Don Quixote leads the way in this image and the blog post below.
I started sorting through my family’s 2025 tax paperwork yesterday, which reminded me that a tax-preparation company we used for the first time last year was rather incompetent. (Needless to say, we’ll be trying a different company this month.) I was also reminded of characters in novels who are incompetent or bumbling — with some of them sympathetic and some of them less so.
Before I continue with today’s theme, I wanted to mention that a far-from-inept podcaster/blogger — the mega-talented Rebecca Budd, who many of you know via WordPress — interviewed me about how reading books can be helpful and comforting in these very difficult times. Thank you, Rebecca, for the great questions and wonderful conversation! Which can be listened to here:
Anyway, the first inept character who came to mind was the clueless and deluded but kind of charming Don Quixote in Miguel de Cervantes’ early-1600s classic. Quixote IS quite skilled at attacking windmills he mistakes for enemies. 🙂
Not as sympathetic is the buffoonish Professor Gilderoy Lockhart in J.K. Rowling’s Harry Potter and the Chamber of Secrets. Also inept, at the start of the seven-book Potter series, is Hogwarts student Neville Longbottom, but his character arc eventually has him become more self-assured and even heroic.
An inept/adept mix can also be simultaneous — as with the bounty hunter Stephanie Plum who is both bumbling and skilled in Janet Evanovich’s series of novels.
Then there’s Ignatius J. Reilly, who could be categorized as a fool in John Kennedy Toole’s A Confederacy of Dunces.

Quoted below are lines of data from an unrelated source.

(* For each natural number $N$ there exists $d_N>0$ such that for every complex $x$ with $|x|\ge d_N$ there exists $\theta\in\mathbb{C}$ with $|\theta|\le1$ such that \[ \log\Bigl(1-\sum_{n=1}^N\frac{n!}{x^n}\Bigr)^{-1}=\sum_{n=1}^N\frac{a_n}{n}\frac{1}{x^n}+\theta\,\frac{a_{N+1}}{N+1}\frac{1}{x^{N+1}}. \]
   Context: $\log$ denotes the principal branch of the logarithm. The integers $a_n$ are defined by $a_1=1$ and $a_n=n\cdot n!+\sum_{k=1}^{n-1}k!\,a_{n-k}$ for $n\ge2$; equivalently, as formal power series in $1/x$, $\log\bigl(1-\sum_{n\ge1}n!\,x^{-n}\bigr)^{-1}=\sum_{n\ge1}\frac{a_n}{n}x^{-n}$. *)

From Stdlib Require Import Reals Arith List.
From Coquelicot Require Import Coquelicot.
Open Scope R_scope.

(* Principal argument in (-PI, PI] of a nonzero complex number
   (value 0 at z = 0, irrelevant here). *)
Definition Carg (z : C) : R :=
  if Rle_dec 0 (Im z) then acos (Re z / Cmod z) else - acos (Re z / Cmod z).

Definition Clog (z : C) : C := (ln (Cmod z), Carg z).

Fixpoint nsum1 (f : nat -> nat) (m : nat) : nat :=
  match m with O => O | S p => (nsum1 f p + f (S p))%nat end.

(* aux m j = a_j for 1 <= j <= m (and 0 for j = 0). *)
Fixpoint aux (m : nat) : nat -> nat :=
  match m with
  | O => fun _ => O
  | S p => let f := aux p in
      fun j => if (j <=? p)%nat then f j
               else if (j =? 1)%nat then 1%nat
               else (j * fact j + nsum1 (fun k => fact k * f (j - k)%nat) (j - 1))%nat
  end.

(* a_1 = 1, a_n = n*n! + sum_{k=1}^{n-1} k! a_{n-k} for n >= 2 (a_0 := 0, unused). *)
Definition a (n : nat) : nat := aux n n.

(* Put u = 1/x, P(z) = sum_{n<=N} n! z^n and G(z) = sum_{n<=N} (a_n/n) z^n, and follow
   h(t) = log (1 - P(tu))^(-1) - G(tu) along t in [0,1], with h(0) = 0.  Its derivative is
   u (P' - (1 - P) G')(tu) / (1 - P(tu)).  The recursion defining a_n is exactly the statement
   that the power series P' - (1 - P) G' vanishes below degree N, its z^N coefficient being
   a_{N+1} - (N+1)(N+1)! < a_{N+1}.  For |u| small enough the higher terms and the factor
   1/(1 - P) are absorbed into that gap, so |h'(t)| <= a_{N+1} |u|^(N+1) t^N, and the mean
   value inequality gives |h(1)| <= a_{N+1}/(N+1) |u|^(N+1). *)
From Stdlib Require Import Reals Arith Lia Lra.
From Coquelicot Require Import Coquelicot.
Open Scope R_scope.
Lemma eval_image_closed (V W : K -> Prop) :
  opens K W -> (forall q, closure K W q -> V q) ->
  (forall k, V k -> ~ (in_upsilon X K e k /\ ~ (exists y, e y = k))) ->
  closed_set (Rpow cfun) (fun w => exists a, eval_map (closure X (fun y => W (e y))) a = w).
Proof.
  intros HW HWV HVups.
  set (A := closure X (fun y => W (e y))).
  unfold closed_set. simpl. intros w Hw. apply NNPP; intro Hw_adh.
  destruct (eval_adherent_point A w) as [p [HpA Htends]].
  { intros l eps. apply NNPP; intro Hno. apply Hw_adh. exists l, eps.
    split; [apply cond_pos|]. intros w' Hw' [a <-]. apply Hno. exists a. exact Hw'. }
  assert (HpX : ~ exists x, e x = p).
  { intros [x0 <-]. apply Hw.
    assert (Ax0 : A x0).
    { intros O HO Ox0. destruct (e_open O HO) as [O' [HO' HOO']].
      destruct (HpA O' HO') as [y [Ay Oy]]; [apply HOO', Ox0|].
      apply HOO' in Oy. exact (Ay O HO Oy). }
    exists (exist _ x0 Ax0). apply functional_extensionality. intro f.
    apply NNPP; intro Hne.
    destruct (Htends f (Rabs (proj1_sig f x0 - w f))) as [N [HN [Nx HNf]]].
    { apply Rabs_pos_lt. intro. apply Hne. unfold eval_map; simpl. lra. }
    specialize (HNf x0 Nx). lra. }
  apply (HVups p).
  - apply HWV. intros O HO Op. destruct (HpA O HO Op) as [y [Ay Oy]].
    destruct (Ay (fun y' => O (e y')) (e_cont O HO) Oy) as [y' [Oy' Wy']].
    exists (e y'). split; assumption.
  - split; [|exact HpX]. apply in_upsilon_of_tends; [exact HpX|].
    intros F HF. exists (w (exist _ F HF)). exact (Htends (exist _ F HF)).
Qed.

Lemma not_adherent_realcompact_nbhd (x : X) :
  ~ closure K (fun k => in_upsilon X K e k /\ ~ (exists y, e y = k)) (e x) ->
  exists U, opens X U /\ U x /\ realcompact (subspace X (closure X U)).
Proof.
  intros Hx.
  assert (HV : exists V, opens K V /\ V (e x) /\
            forall k, V k -> ~ (in_upsilon X K e k /\ ~ exists y, e y = k)).
  { apply NNPP; intro Hno. apply Hx. intros V HV Vx. apply NNPP; intro Hmeet.
    apply Hno. exists V. split; [exact HV|]. split; [exact Vx|].
    intros k Vk Sk. apply Hmeet. exists k; auto. }
  destruct HV as [V [HV [Vx HVups]]].
  destruct (compact_hausdorff_regular K HKt HKc HKh V (e x) HV Vx) as [W [HW [Wx HWV]]].
  exists (fun y => W (e y)). split; [apply e_cont, HW|]. split; [exact Wx|].
  exists cfun, (eval_map (closure X (fun y => W (e y)))).
  split; [apply eval_map_embedding | apply (eval_image_closed V W); auto].
Qed.

End StoneCech.

Theorem lemma3p5 (X : TopSpace) (HX : tychonoff X)
  (K : TopSpace) (e : X -> K) (HK : stone_cech X K e) :
  locally_realcompact X <->
  (forall x : X,
     ~ closure K (fun k => in_upsilon X K e k /\ ~ (exists y, e y = k)) (e x)).
Proof.
  destruct HX as [HXt [HXh HXcr]].
  destruct HK as [HKt [HKc [HKh [[e_inj [e_cont e_open]] [e_dense e_extend]]]]].
  split.
  - intros Hlrc x. destruct (Hlrc x) as [U [HU [Ux HUrc]]].
    eapply realcompact_nbhd_not_adherent; eauto.
  - intros Hn x. eapply not_adherent_realcompact_nbhd; eauto.
Qed.
(* For any finite tree $T$ and any integer $k\geq 1$, $\mathrm{box}(T^k)\leq k+1$.
   Context: $T^k$ is the $k$-th power of $T$: the graph on $V(T)$ in which distinct $u,v$ are adjacent iff their distance in $T$ is at most $k$. The boxicity $\mathrm{box}(G)$ of a graph $G$ is the minimum integer $t$ such that $G$ is the intersection graph of axis-parallel $t$-dimensional boxes (Cartesian products of $t$ closed real intervals), i.e. there is a map $f$ from $V(G)$ to such boxes with $(u,v)\in E(G)\iff f(u)\cap f(v)\neq\emptyset$ for distinct $u,v$. *)

From Stdlib Require Import Reals.
From mathcomp Require Import all_boot.
Set Implicit Arguments. Unset Strict Implicit. Unset Printing Implicit Defensive.

Definition simple_graph (T : finType) (e : rel T) : Prop :=
  symmetric e /\ irreflexive e.

Definition connected_graph (T : finType) (e : rel T) : Prop :=
  forall x y : T, connect e x y.

Definition acyclic_graph (T : finType) (e : rel T) : Prop :=
  forall c : seq T, ~ (ucycle e c /\ 2 < size c).

Definition is_tree (T : finType) (e : rel T) : Prop :=
  [/\ simple_graph e, 0 < #|T|, connected_graph e & acyclic_graph e].

(* dist_T(u,v) <= k : there is a walk from u to v with at most k edges. *)
Definition dist_le (T : finType) (e : rel T) (k : nat) (u v : T) : bool :=
  [exists p : (k.+1).-tuple T, exists j : 'I_k.+1,
     path e u (take j p) && (last u (take j p) == v)].

Definition graph_pow (T : finType) (e : rel T) (k : nat) : rel T :=
  fun u v => (u != v) && dist_le e k u v.

(* A t-dimensional box: for each coordinate i, the closed interval
   [fst (b i), snd (b i)] with fst (b i) <= snd (b i). *)
Definition box (t : nat) := 'I_t -> (R * R).
Definition valid_box (t : nat) (b : box t) : Prop :=
  forall i, Rle (fst (b i)) (snd (b i)).
Definition boxes_meet (t : nat) (b1 b2 : box t) : Prop :=
  forall i, Rle (Rmax (fst (b1 i)) (fst (b2 i))) (Rmin (snd (b1 i)) (snd (b2 i))).

Definition box_rep (T : finType) (e : rel T) (t : nat) : Prop :=
  exists f : T -> box t,
    (forall v, valid_box (f v)) /\
    (forall u v, u != v -> (e u v <-> boxes_meet (f u) (f v))).

Definition boxicity_le (T : finType) (e : rel T) (m : nat) : Prop :=
  exists t, (t <= m)%N /\ box_rep e t.

From Stdlib Require Import Reals.
From mathcomp Require Import all_boot order zify.
Import Order.TTheory.
Set Implicit Arguments. Unset Strict Implicit. Unset Printing Implicit Defensive.

(* Root the tree and list its vertices in depth-first preorder (lexicographic
   order of root-to-vertex paths).  Every subtree is then an interval
   [pos x, endp x] of positions.  In T^k, u and v (with pos u < pos v) are
   adjacent iff they have ancestors u_i, v_j with u_i = v_j and i + j <= k;
   along the chain of ancestors this is equivalent to: for each i <= k,
   either the (k-i)-th ancestor of v is an ancestor of u, or (for i > 0) the
   (i-1)-th ancestor of u is an ancestor of v.  The i-th box side of v is the
   interval from the position of its (k-i)-th ancestor to the end of the
   subtree of its (i-1)-th ancestor (or to pos v when i = 0), and its
   intersection with the i-th side of u is exactly the i-th condition. *)

Lemma lexi_catr d (T : porderType d) (p q : seqlexi T) : (p <= p ++ q)%O.
Proof. by elim: p => //= a p IH; rewrite lexi_cons lexx. Qed.

Lemma lexi_prefix d (T : porderType d) (p q w : seqlexi T) :
  (p <= w)%O -> (w <= p ++ q)%O -> exists s, w = p ++ s.
Proof.
elim: p w => [|a p IH] [|b w] //=; first by exists [::].
  by exists (b :: w).
rewrite !lexi_cons => /andP[ab +] /andP[ba +].
rewrite ab ba /= => pw wq; have [s ->] := IH _ pw wq.
by exists s; rewrite (@le_anti _ _ a b) ?ab ?ba.
Qed.

Section Rank.
Variables (T : finType) (d : Order.disp_t) (O : orderType d) (f : T -> O).

Definition rank v := #|[pred w | (f w < f v)%O]|.

Lemma rank_ltE u v : (rank u < rank v) = (f u < f v)%O.
Proof.
apply/idP/idP => [|uv]; last first.
  apply: proper_card; apply/properP; split.
    by apply/subsetP => w; rewrite !inE => /lt_trans; apply.
  by exists u; rewrite !inE ?uv ?ltxx.
apply: contraTT; rewrite -leNgt -leqNgt => vu.
apply: subset_leq_card; apply/subsetP => w; rewrite !inE => /lt_le_trans.
exact.
Qed.

Lemma rank_leE u v : (rank u <= rank v) = (f u <= f v)%O.
Proof. by rewrite leqNgt rank_ltE -leNgt. Qed.

Lemma rank_inj : injective f -> injective rank.
Proof.
move=> finj u v uv; apply: finj; apply/le_anti.
by rewrite -!rank_leE uv leqnn.
Qed.

End Rank.

Lemma nat_pred_switch (P : pred nat) n :
  P 0 -> ~~ P n -> exists2 m, m < n & P m && ~~ P m.+1.
Proof.
elim: n => [|n IH] P0 Pn; first by rewrite P0 in Pn.
case Pn': (P n); first by exists n; rewrite ?Pn'.
by have [m mn Pm] := IH P0 (negbT Pn'); exists m => //; apply: ltnW.
Qed.

Lemma Rmax_le_Rmin a b c d :
  Rle (Rmax a b) (Rmin c d) <-> [/\ Rle a c, Rle a d, Rle b c & Rle b d].
Proof.
split=> [h|[ac ad bc bd]]; last by apply: Rmax_lub; apply: Rmin_glb.
have le_max_min x y : Rle x (Rmax a b) -> Rle (Rmin c d) y -> Rle x y.
  by move=> xm my; apply: Rle_trans xm (Rle_trans _ _ _ h my).
split; apply: le_max_min;
  solve [exact: Rmax_l | exact: Rmax_r | exact: Rmin_l | exact: Rmin_r].
Qed.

But he has some smarts, too, and is funny as hell.
The combination of ineptness and proficiency manifests itself in a different way in Daniel Keyes’ Flowers for Algernon, in which Charlie Gordon goes from being a low-IQ to high-IQ individual via an experimental surgical procedure.
A poignant character with almost no life skills is “The Poor Fool,” a child of Wang Lung and O-Lan in Pearl S. Buck’s The Good Earth. The girl, who isn’t named in the novel, has a mental handicap probably caused by being a baby the year her family was starving. Yes, some characters sadly have no control over how they turn out.
Back in 2019, I wrote a post about bad bosses in novels, and some of them were pretty incompetent — including Captain Queeg in Herman Wouk’s The Caine Mutiny.
Most of us know some incompetent people in real life, so that type is certainly familiar when encountered in literature. Even welcome in a way, because we’re relieved that these people are fictional rather than real. 🙂
Thoughts about, and examples of, today’s topic?
Misty the cat says: “That car either disappeared into the garage or into the space-time continuum.”
My comedic 2024 book — the part-factual/part-fictional/not-a-children’s-work Misty the Cat…Unleashed — is described and can be purchased on Amazon in paperback or on Kindle. It’s feline-narrated! (And Amazon reviews are welcome. 🙂 )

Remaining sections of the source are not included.